Some displaced persons expressed fears that Russian forces would detain their husbands and sons. The husband of "Fatima" (not her real name) had been detained and beaten by Russian soldiers in the 1994-96 war, and she feared that if the family returns to Assinovskaya, her husband would be mistreated again.

"Rozet" (not her real name), a mother of three from Samashki, was told she had two days to return home. She said her house was ruined in the bombing of Samashki, and she feared for the safety of her children: "I'm afraid for my son, that the soldiers will arrest him," she told Human Rights Watch. "Of course, we are afraid for our daughters, too, and [that] is the reason we left our village and are staying here."

Human Rights Watch called on all authorities to cease using the denial of food as a means to pressure displaced persons to return.
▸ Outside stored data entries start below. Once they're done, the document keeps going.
Theorem mainTheorem2 (R : realType) (K : nat) (hK : (0 < K)%N)
  (eta : R) (heta0 : 0 < eta) (heta1 : eta < 1)
  (T : nat) (hT : (1 <= T)%N) (loss : nat -> 'I_K -> R)
  (hloss : forall t : nat, (1 <= t <= T)%N -> forall i : 'I_K,
      -1 <= loss t i <= 1) :
  (forall t : nat, (1 <= t <= T)%N -> forall h : (t.-1).-tuple 'I_K,
      (forall i : 'I_K, 0 < lb_pi eta loss h i) /\
      \sum_(i < K) lb_pi eta loss h i = 1) /\
  (forall istar : 'I_K,
      lb_expected_regret eta loss T istar
      <= 2 + K%:R * ln (T%:R) / eta + 2 * eta * T%:R / (1 - eta)).
Proof.
have he : 0 < eta < 1 by apply/andP.
have init := lb_init_pos_distr R hK.
have hb : bounded_losses loss 1 T by move=> t /andP[t1 tT]; apply: hloss; rewrite t1.
split=> [t /andP[t1 tT] h|istar].
  have sh : (size h <= T)%N by rewrite size_tuple (leq_trans (leq_pred t)).
  by have [] := lb_pi_from_pos_distr he init (bounded_losses_le sh hb).
have ud := mix_comparator_pos_distr R istar hK hT.
rewrite /lb_expected_regret.
under eq_bigr => n _ do rewrite (lb_round_regretE he (mix_comparator R T istar)
  istar hK (bounded_losses_le (ltn_ord n) hb)).
rewrite big_split /=.
have hexp := lb_expect_excess_loss_le he ud init hb.
have hbar := barrier_init_mix_comparator_le R istar hK hT.
have ie : 0 < eta^-1 by rewrite invr_gt0.
rewrite -(ler_pM2r ie) in hbar.
have hcmp : \sum_(n < T) (\sum_i mix_comparator R T istar i * loss n.+1 i
    - loss n.+1 istar) <= 2.
  apply: le_trans (ler_sum _ (fun (n : 'I_T) _ => mix_comparator_loss_le istar hK hT
    (fun i => hloss n.+1 (ltn_ord n) i))) _.
  by rewrite sumr_const card_ord -[_ *+ T]mulr_natr divfK ?lt0r_neq0 ?ltr0n.
rewrite (_ : 2 * eta * T%:R / (1 - eta) = T%:R * (2 * eta / (1 - eta))); last by ring.
lra.
Qed.
Lemma mem_allpairs_inj (s : seq S) (t : S -> seq U) x y :
  (f x y \in [seq f x y | x <- s, y <- t x]) = (x \in s) && (y \in t x).
Proof.
apply/allpairsPdep/andP => [[x' [y' [sx' ty' /f_inj [-> ->]]]] | [sx ty]] //.
by exists x, y.
Qed.

Lemma allpairs_uniq_inj (s : seq S) (t : S -> seq U) :
  uniq s -> {in s, forall x, uniq (t x)} -> uniq [seq f x y | x <- s, y <- t x].
Proof.
move=> us ut; apply: allpairs_uniq_dep => // -[x y] [x' y'] _ _ /= /f_inj [ex ey].
by rewrite ex ey.
Qed.
End InjectivePairs.

Lemma pair_inj (A B : Type) (x : A) (y : B) x' y' : (x, y) = (x', y') -> x = x' /\ y = y'.
Proof. by case. Qed.

Lemma cons_inj (A : Type) (x : A) s x' s' : x :: s = x' :: s' -> x = x' /\ s = s'.
Proof. by case. Qed.

Lemma uniq_flatten_map (T U : eqType) (L : T -> seq U) (s : seq T) :
  uniq s -> (forall x, uniq (L x)) ->
  (forall x x' z, z \in L x -> z \in L x' -> x = x') -> uniq (flatten (map L s)).
Proof.
move=> us uL disj; elim: s us => //= x s IH /andP [xs us].
rewrite cat_uniq uL IH // andbT; apply/hasPn => z /flatten_mapP [x' x's zx'].
by apply/negP => /(disj _ _ _ zx') ex; rewrite -ex x's in xs.
Qed.

Lemma mem_leq_sumn (s : seq nat) x : x \in s -> x <= sumn s.
Proof. by elim: s => //= y s IH; rewrite inE => /orP [/eqP ->|/IH]; lia. Qed.

Lemma size_leq_sumn (s : seq nat) : all (leq 1) s -> size s <= sumn s.
Proof. by elim: s => //= x s IH /andP [x_gt0 /IH]; lia. Qed.

Definition only_first_overlined (s : seq (nat * bool)) : bool :=
  all (fun i => (nth (0, false) s i).2 ==>
                (index (nth (0, false) s i).1 (map fst s) == i))
      (iota 0 (size s)).

Lemma only_first_overlined_cons x s :
  only_first_overlined (x :: s) =
  all (fun y => y.2 ==> (y.1 != x.1)) s && only_first_overlined s.
Proof.
rewrite /only_first_overlined /= eqxx implybT /= -[1]/(1 + 0) iotaDl all_map.
set fresh := fun y : nat * bool => y.2 ==> (y.1 != x.1).
have -> : all fresh s = all (fresh \o nth (0, false) s) (iota 0 (size s)).
  by rewrite -all_map -/(mkseq _ _) mkseq_nth.
rewrite -all_predI; apply: eq_all => i /=; rewrite /fresh add0n add1n.
by case: (nth _ s i) => v [] //=; rewrite [v == _]eq_sym; case: (x.1 =P v).
Qed.

(* opart_after p s: s lists, nonincreasingly, the parts that follow a part p in an
   overpartition; a part equal to its predecessor is not a first occurrence, hence plain. *)
Fixpoint opart_after (p : nat) (s : seq (nat * bool)) : bool :=
  if s is x :: t then [&& 0 < x.1, x.1 <= p, x.2 ==> (x.1 < p) & opart_after x.1 t]
  else true.

Lemma opart_afterE p s :
  opart_after p s =
  [&& sorted geq (map fst s), only_first_overlined s &
      all (fun y => [&& 0 < y.1, y.1 <= p & y.2 ==> (y.1 < p)]) s].
Proof.
elim: s p => [|x s IH] p //=.
rewrite IH only_first_overlined_cons (path_sortedE (rev_trans leq_trans)) all_map.
have [xp|_] := leqP x.1 p; last by rewrite !andbF.
have pointwise : all (fun y => [&& 0 < y.1, y.1 <= x.1 & y.2 ==> (y.1 < x.1)]) s =
    [&& all (preim fst (leq^~ x.1)) s, all (fun y => y.2 ==> (y.1 != x.1)) s &
        all (fun y => [&& 0 < y.1, y.1 <= p & y.2 ==> (y.1 < p)]) s].
  by rewrite -!all_predI; apply: eq_all => -[v []] /=; lia.
rewrite pointwise; apply/idP/idP.
  by case/and5P => -> _ -> -> /and4P [-> -> -> ->].
by case/and3P => /andP [-> ->] /andP [-> ->] /andP [/and3P [-> _ ->] ->].
Qed.

Lemma is_overpartitionE n s :
  is_overpartition n s = opart_after n.+1 s && (sumn (map fst s) == n).
Proof.
rewrite /is_overpartition opart_afterE -/(only_first_overlined s).
have [sum_s|_] := eqVneq (sumn (map fst s)) n; last by rewrite !andbF.
have bounded : all (fun y => [&& 0 < y.1, y.1 <= n.+1 & y.2 ==> (y.1 < n.+1)]) s =
               all (fun y => 0 < y.1) s.
  apply: eq_in_all => y ys; have := mem_leq_sumn (map_f fst ys).
  by rewrite sum_s; case: y.2 => /=; lia.
by rewrite bounded andbT /= andbC -andbA.
Qed.

Lemma mem_seqs_of_size (T : eqType) (A : seq T) m s :
  (s \in seqs_of_size A m) = (size s == m) && all (mem A) s.
Proof.
elim: m s => [|m IH] [|x t] //=.
  by case: allpairsPdep => // -[? [? [_ _ //]]].
by rewrite (mem_allpairs_inj (@cons_inj _)) IH eqSS andbCA.
Qed.

Lemma uniq_seqs_of_size (T : eqType) (A : seq T) m : uniq A -> uniq (seqs_of_size A m).
Proof.
by move=> uA; elim: m => [|m IH] //; apply: (allpairs_uniq_inj (@cons_inj _)).
Qed.

Lemma uniq_overpartition_candidates n : uniq (overpartition_candidates n).
Proof.
apply: uniq_flatten_map => [|m|m m' s]; first exact: iota_uniq.
  by apply/uniq_seqs_of_size/(allpairs_uniq_inj (@pair_inj _ _)) => //; apply: iota_uniq.
by rewrite !mem_seqs_of_size => /andP [/eqP <- _] /andP [/eqP <- _].
Qed.

Lemma mem_overpartition_candidates n s :
  is_overpartition n s -> s \in overpartition_candidates n.
Proof.
case/and4P => parts_gt0 /eqP sum_s _ _; apply/flatten_mapP; exists (size s).
  by rewrite mem_iota -(size_map fst) -sum_s ltnS size_leq_sumn // all_map.
rewrite mem_seqs_of_size eqxx; apply/allP => -[v o] vo.
have v_le_n : v <= n by rewrite -sum_s (mem_leq_sumn (map_f fst vo)).
have v_gt0 : 0 < v := allP parts_gt0 _ vo.
apply/allpairsP; exists (v, o); rewrite /= mem_iota.
by split => //; [lia | case: o {vo}].
Qed.

Definition opart_heads (p n : nat) : seq (nat * bool) :=
  [seq (v, o) | v <- iota 1 (minn p n), o <- if v < p then [:: true; false] else [:: false]].

Lemma mem_opart_heads p n x :
  (x \in opart_heads p n) = [&& 0 < x.1, x.1 <= minn p n & x.2 ==> (x.1 < p)].
Proof.
case: x => v o; rewrite (mem_allpairs_inj (@pair_inj _ _)) mem_iota /=.
by case: (v < p); case: o; rewrite ?inE /=; lia.
Qed.

Lemma uniq_opart_heads p n : uniq (opart_heads p n).
Proof.
apply: (allpairs_uniq_inj (@pair_inj _ _)); first exact: iota_uniq.
by move=> v _; case: (v < p).
Qed.

Fixpoint opart_enum (k p n : nat) : seq (seq (nat * bool)) :=
  nseq (n == 0) [::] ++
  if k is k'.+1 then
    [seq x :: s | x <- opart_heads p n, s <- opart_enum k' x.1 (n - x.1)]
  else [::].

Lemma uniq_opart_enum k p n : uniq (opart_enum k p n).
Proof.
elim: k p n => [|k IH] p n /=; first by rewrite cats0; case: (n == 0).
rewrite cat_uniq; apply/and3P; split; first by case: (n == 0).
  by apply/hasPn => s /allpairsPdep [x [t [_ _ ->]]]; case: (n == 0).
apply: (allpairs_uniq_inj (@cons_inj _)); first exact: uniq_opart_heads.
by move=> x _; apply: IH.
Qed.

Lemma mem_opart_enum k p n s : n <= k ->
  (s \in opart_enum k p n) = opart_after p s && (sumn (map fst s) == n).
Proof.
elim: k p n s => [|k IH] p n [|x t] n_le_k /=; rewrite mem_cat mem_nseq.
- by rewrite lt0b eqxx andbT orbF eq_sym.
- have -> : n = 0 by lia.
  by case: x => [[|v] o]; rewrite /= ?addSn in_nil ?andbF.
- rewrite lt0b eqxx andbT eq_sym.
  by case: allpairsPdep => [[? [? [_ _ //]]]|_]; rewrite orbF.
rewrite lt0b andbF /= (mem_allpairs_inj (@cons_inj _)) mem_opart_heads.
case: x => [[|v] o] //=; rewrite IH; last by lia.
by case: (opart_after _ t); rewrite ?andbF //=; case: o => /=; lia.
Qed.

Definition pbar_plain (p n : nat) : nat := size (opart_enum n p n).

Lemma size_opart_enum k p n : n <= k -> size (opart_enum k p n) = pbar_plain p n.
Proof.
move=> n_le_k; apply/perm_size/uniq_perm; try exact: uniq_opart_enum.
by move=> s; rewrite !mem_opart_enum.
Qed.

Lemma pbar_plain_rec p n : pbar_plain p n =
  (n == 0) + \sum_(1 <= v < (minn p n).+1) (if v < p then 2 else 1) * pbar_plain v (n - v).
Proof.
case: n => [|n]; first by rewrite /pbar_plain /= big_geq.
rewrite [LHS]/pbar_plain /= add0n size_allpairs_dep sumnE big_map big_allpairs_dep /=.
rewrite /index_iota subSS subn0; apply: eq_big_seq => v; rewrite mem_iota => v_range.
rewrite size_opart_enum; last by lia.
by case: (v < p); rewrite !big_cons big_nil /=; lia.
Qed.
It urged Russian authorities, together with the international community, to provide comprehensive information to displaced persons regarding the true state of their home and security of their village, so that they can make informed decisions about returning.
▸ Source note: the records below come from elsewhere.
(* Let $p$ be a prime and let $G$ be a finite subgroup of $\mathrm{M}(p,\mathbb{C})$ whose permutation part $\phi(G)$ is transitive. If $\mathrm{D}(p,\mathbb{C})\cap G$ is not contained in the group of scalar matrices, then $G$ is irreducible. Conversely, if $G$ is solvable and irreducible, then $\mathrm{D}(p,\mathbb{C})\cap G$ is not contained in the group of scalar matrices.
   Context: $\mathrm{M}(p,\mathbb{C})$ is the group of monomial matrices in $\mathrm{GL}(p,\mathbb{C})$, equal to $\mathrm{D}(p,\mathbb{C})\rtimes \mathrm{P}(p)$ with $\mathrm{D}(p,\mathbb{C})$ the invertible diagonal matrices and $\mathrm{P}(p)\cong\mathrm{Sym}(p)$ the permutation matrices (via $\alpha\mapsto[\delta_{i\alpha,j}]_{i,j}$). The map $\phi\colon \mathrm{M}(p,\mathbb{C})\to\mathrm{Sym}(p)$ sends $dt\mapsto t$; $\phi(G)$ is the permutation part of $G$. *)

From HB Require Import structures.
From mathcomp Require Import all_boot all_order all_algebra all_fingroup all_solvable.
From mathcomp Require Import mxrepresentation.
From mathcomp Require Import complex.
From mathcomp Require Import Rstruct.
Set Implicit Arguments. Unset Strict Implicit. Unset Printing Implicit Defensive.
Import GRing.Theory Num.Theory.
Local Open Scope ring_scope.
(* Let $\mathsf{B}\in\mathrm{IQC}(n,\mathbb{C})$. Then $\mathsf{B}$ admits an isotropic $2$-decomposition if and only if the period of $\mathsf{B}$ is even.
   Context: $\mathrm{D}(n,\mathbb{C})$ is the set of $n\times n$ positive semidefinite complex matrices of trace $1$. $\mathrm{IQC}(n,\mathbb{C})$ is the set of finite sets $\mathsf{B}\subseteq\mathrm{M}(n,\mathbb{C})$ with $\sum_{B\in\mathsf{B}}B^\dagger B=I$ such that $\rho\mapsto\sum_{B\in\mathsf{B}}B\rho B^\dagger$ has a unique fixed point in $\mathrm{D}(n,\mathbb{C})$, which is positive definite. An isotropic $2$-decomposition of $\mathsf{B}$ is an orthogonal direct sum decomposition $\mathbb{C}^n=U_1\oplus U_2$ into nonzero subspaces with $u^\dagger Bu'=0$ for all $u,u'\in U_i$, $B\in\mathsf{B}$, $i=1,2$. The period of $\mathsf{B}$ is the maximum integer $m$ for which there is an orthogonal direct sum decomposition $\mathbb{C}^n=U_1\oplus\cdots\oplus U_m$ into nonzero subspaces such that $B(U_{i-1})\le U_i$ for all $i\in[m]$ and all $B\in\mathsf{B}$, indices taken cyclically modulo $m$ in $[m]$. *)

(* The complex field C is abstracted as an arbitrary
   numClosedFieldType (algebraically closed field with conjugation and the
   partial order of C). *)
From HB Require Import structures.
From mathcomp Require Import all_boot all_order all_algebra.
Set Implicit Arguments. Unset Strict Implicit. Unset Printing Implicit Defensive.
Import Order.TTheory GRing.Theory Num.Theory.
Local Open Scope ring_scope.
Domestic and international humanitarian agencies should provide reconstruction materials to those whose homes have been damaged, and deploy protection teams to monitor the rights of displaced persons in camps. International agencies should provide assistance to the camps in Ingushetia to help relieve the burden on the Russian authorities. The Russian government should allow international agencies full and unimpeded access to all internally displaced persons.
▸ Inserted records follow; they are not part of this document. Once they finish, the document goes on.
Lemma v_even_halfE m : (0 < m)%N ->
  exists2 k, k = m./2 \/ k.+1 = m./2 &
    v (2 * m + 2) = v m./2 + v (2 * k + 2) + (b m./2)%:Z - 1.
Proof.
case: m / binary_splitP => [|m|m] // _.
- have half_m : (2 * m + 1)./2 = m by lia.
  have succ_m : (2 * m + 1).+1 = (2 * m + 2)%N by lia.
  by exists m; rewrite ?half_m; [left | rewrite v_even v_odd succ_m half_m; lia].
- have half_m : (2 * m + 2)./2 = m.+1 by lia.
  have succ_m : (2 * m + 2).+1 = (2 * m.+1 + 1)%N by lia.
  by exists m; rewrite ?half_m; [right | rewrite v_even succ_m v_odd half_m; lia].
Qed.

(* The alternative [b c = 2] makes [v (2k+2) = 0], hence [b (k/2) = 1], which
   [b_eq2] rules out once [c > 2]. *)
Lemma v_eq1_descent c k : (2 < c)%N -> k = c \/ k.+1 = c ->
  v c + v (2 * k + 2) + (b c)%:Z = 2 -> v (2 * k + 2) = 1 /\ b c = 1%N.
Proof.
move=> c_gt2 kc sum2; have vc_ge0 := v_ge0 c; have vk_ge0 := v_ge0 (2 * k + 2).
have [bc1 | bc_ne1] := eqVneq (b c) 1%N.
  by rewrite (b_eq1_v0 bc1) in sum2; split => //; lia.
have bc2 : b c = 2%N by have := b_gt0 c; lia.
have bk1 : b k./2 = 1%N.
  have : v (2 * k + 2) = 0 by lia.
  by rewrite v_even; have := v_ge0 k.+1; have := v_ge0 k; have := b_gt0 k./2; lia.
have [c2 | [c' cE bc'2]] := b_eq2 bc2; first by lia.
have half_k : k./2 = c' by lia.
by move: bk1; rewrite half_k bc'2.
Qed.

End Cyclomatic.

Lemma v_even_small m : m <= 5 -> (v (2 * m + 2) == 1%R) = (m \in [:: 4; 5]).
Proof. by case: m => [|[|[|[|[|[|m]]]]]] // _; vm_compute. Qed.

Lemma b_ne1_4_6 c : 3 < c < 7 -> b c != 1.
Proof. by case: c => [|[|[|[|[|[|[|c]]]]]]] // _; vm_compute. Qed.

Lemma v_even_eq1 n : ~~ odd n -> v n = 1%R -> n = 10 \/ n = 12.
Proof.
elim/ltn_ind: n => n IH; case: n / binary_splitP IH => [|m|m] IH; first by rewrite v0.
  by rewrite oddD oddM.
move=> _ vm1; have [m_le5 | m_gt5] := leqP m 5.
  by move/eqP: vm1; rewrite v_even_small // !inE => /orP[] /eqP ->; [left | right].
have [k kc vE] := v_even_halfE (leq_ltn_trans (leq0n 5) m_gt5).
have [vk1 bc1] : v (2 * k + 2) = 1%R /\ b m./2 = 1.
  by apply: v_eq1_descent kc _; [lia | move: vE; rewrite vm1; lia].
have k45 : (2 * k + 2 = 10 \/ 2 * k + 2 = 12)%N.
  by apply: IH vk1; [lia | rewrite oddD oddM].
by have := @b_ne1_4_6 m./2; rewrite bc1; lia.
Qed.

Theorem mainTheorem3 (n : nat) :
  ~~ odd n -> (v n = 1%Z <-> n = 10 \/ n = 12).
Proof.
move=> n_even; split; first exact: v_even_eq1.
by case=> ->; vm_compute.
Qed.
The Guiding Principles on Internal Displacement, which are the internationally-accepted standards for treatment of internally displaced persons, explicitly prohibit the forced return of refugees and displaced persons, and guarantee them rights to humanitarian assistance. The Principles also provide that national governments must accept international offers of help in the event that they are unable to provide adequate assistance to internally displaced persons.